You have pipelines containing multiple flows or dataset definitions that differ only by a small number of parameters. This redundancy results in pipelines that are error-prone and difficult to maintain. For example, the following diagram shows the graph of a pipeline that uses a fire department dataset to find neighborhoods with the fastest response times for different categories of emergency calls. In this example, the parallel flows differ by only a few parameters.

Fire dataset flow diagram

You can use a metaprogramming pattern to reduce the overhead of generating and maintaining redundant flow definitions. Metaprogramming in Delta Live Tables is done using Python inner functions. Because these functions are lazily evaluated, you can use them to create flows that are identical except for input parameters.

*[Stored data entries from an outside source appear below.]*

Section Tensor.
Variable C : numClosedFieldType.
Variables m n : nat.

Definition lab (a : 'I_(tdim m n)) : tidx m n := enum_val a.

Definition tentry (A : 'M[C]_(tdim m n)) (s t : tidx m n) : C :=
  A (enum_rank s) (enum_rank t).

Definition tensor (X : 'I_m -> 'M[C]_n) : 'M[C]_(tdim m n) :=
  \matrix_(a, b) \prod_(i < m) X i (lab a i) (lab b i).

Definition embed (i : 'I_m) (X : 'M[C]_n) : 'M[C]_(tdim m n) :=
  tensor (fun j => if j == i then X else 1%:M).

(* U_pi : e_s |-> e_{s o pi^-1}; it satisfies
   U_pi (X_1 (x) .. (x) X_m) U_pi^* = X_{pi 1} (x) .. (x) X_{pi m}. *)
Definition permU (pi : 'S_m) : 'M[C]_(tdim m n) :=
  \matrix_(a, b) (lab b == [ffun j => lab a ((pi^-1)%g j)])%:R.

(* reduced state on the k-th factor: partial trace over all other factors *)
Definition reduced (rho : 'M[C]_(tdim m n)) (k : 'I_m) : 'M[C]_n :=
  \matrix_(x, y) \sum_(s : tidx m n | s k == x) \sum_(t : tidx m n |
      (t k == y) && [forall j, (j != k) ==> (s j == t j)]) tentry rho s t.

Definition density (rho : 'M[C]_(tdim m n)) : Prop :=
  [/\ rho ^t* = rho,
      (forall v : 'rV[C]_(tdim m n), 0 <= (v *m rho *m v ^t*) 0 0)
    & \tr rho = 1].

Definition sigmaEC (sigma : 'M[C]_n) (rho : 'M[C]_(tdim m n)) : Prop :=
  forall i j : 'I_m, \tr (embed i sigma *m rho) = \tr (embed j sigma *m rho).

Definition RSC (rho : 'M[C]_(tdim m n)) : Prop :=
  forall k l : 'I_m, reduced rho k = reduced rho l.

Definition SSC (rho : 'M[C]_(tdim m n)) : Prop :=
  forall pi : 'S_m, permU pi *m rho *m (permU pi) ^t* = rho.

End Tensor.

Definition pauliZ (C : numClosedFieldType) : 'M[C]_2 :=
  \matrix_(i, j) (if i == j then (if i == 0 then 1 else -1) else 0).

From HB Require Import structures.
From mathcomp Require Import all_boot all_order all_algebra.
From mathcomp Require Import fingroup perm.
From mathcomp Require Import sesquilinear spectral ring.
Set Implicit Arguments. Unset Strict Implicit. Unset Printing Implicit Defensive.
Import GRing.Theory Num.Theory.
Local Open Scope ring_scope.
Local Open Scope sesquilinear_scope.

Each invocation can include a different set of parameters that controls how each table should be generated, as shown in the following example:

import dlt
from pyspark.sql.functions import *

@dlt.table(
  name="raw_fire_department",
  comment="raw table for fire department response"
)
@dlt.expect_or_drop("valid_received", "received IS NOT NULL")
@dlt.expect_or_drop("valid_response", "responded IS NOT NULL")
@dlt.expect_or_drop("valid_neighborhood", "neighborhood != 'None'")
def get_raw_fire_department():
  return (
    spark.read.format('csv')
      .option('header', 'true')
      .option('multiline', 'true')
      .load('/databricks-datasets/timeseries/Fires/Fire_Department_Calls_for_Service.csv')
      .withColumnRenamed('Call Type', 'call_type')
      .withColumnRenamed('Received DtTm', 'received')
      .withColumnRenamed('Response DtTm', 'responded')
      .withColumnRenamed('Neighborhooods - Analysis Boundaries', 'neighborhood')
    .select('call_type', 'received', 'responded', 'neighborhood')
  )

all_tables = []

def generate_tables(call_table, response_table, filter):
  @dlt.table(
    name=call_table,
    comment="top level tables by call type"
  )
  def create_call_table():
    return (
      spark.sql("""
        SELECT
          unix_timestamp(received,'M/d/yyyy h:m:s a') as ts_received,
          unix_timestamp(responded,'M/d/yyyy h:m:s a') as ts_responded,
          neighborhood
        FROM LIVE.raw_fire_department
        WHERE call_type = '{filter}'
      """.format(filter=filter))
    )

  @dlt.table(
    name=response_table,
    comment="top 10 neighborhoods with fastest response time "
  )
  def create_response_table():
    return (
      spark.sql("""
        SELECT
          neighborhood,
          AVG((ts_received - ts_responded)) as response_time
        FROM LIVE.{call_table}
        GROUP BY 1
        ORDER BY response_time
        LIMIT 10
      """.format(call_table=call_table))
    )

  all_tables.append(response_table)

generate_tables("alarms_table", "alarms_response", "Alarms")
generate_tables("fire_table", "fire_response", "Structure Fire")
generate_tables("medical_table", "medical_response", "Medical Incident")

@dlt.table(
  name="best_neighborhoods",
  comment="which neighbor appears in the best response time list the most"
)
def summary():
  target_tables = [dlt.read(t) for t in all_tables]
  unioned = functools.reduce(lambda x,y: x.union(y), target_tables)
  return (
    unioned.groupBy(col("neighborhood"))
      .agg(count("*").alias("score"))
      .orderBy(desc("score"))
  )

Quarantine invalid data

Scenario

You’ve defined expectations to filter out records that violate data quality constraints, but you also want to save the invalid records for analysis.

Solution

Create rules that are the inverse of the expectations you’ve defined and use those rules to save the invalid records to a separate table. You can programmatically create these inverse rules. The following example creates the valid_farmers_market table containing input records that pass the valid_website and valid_location data quality constraints and also creates the invalid_farmers_market table containing the records that fail those data quality constraints:

import dlt

rules = {}
quarantine_rules = {}

rules["valid_website"] = "(Website IS NOT NULL)"
rules["valid_location"] = "(Location IS NOT NULL)"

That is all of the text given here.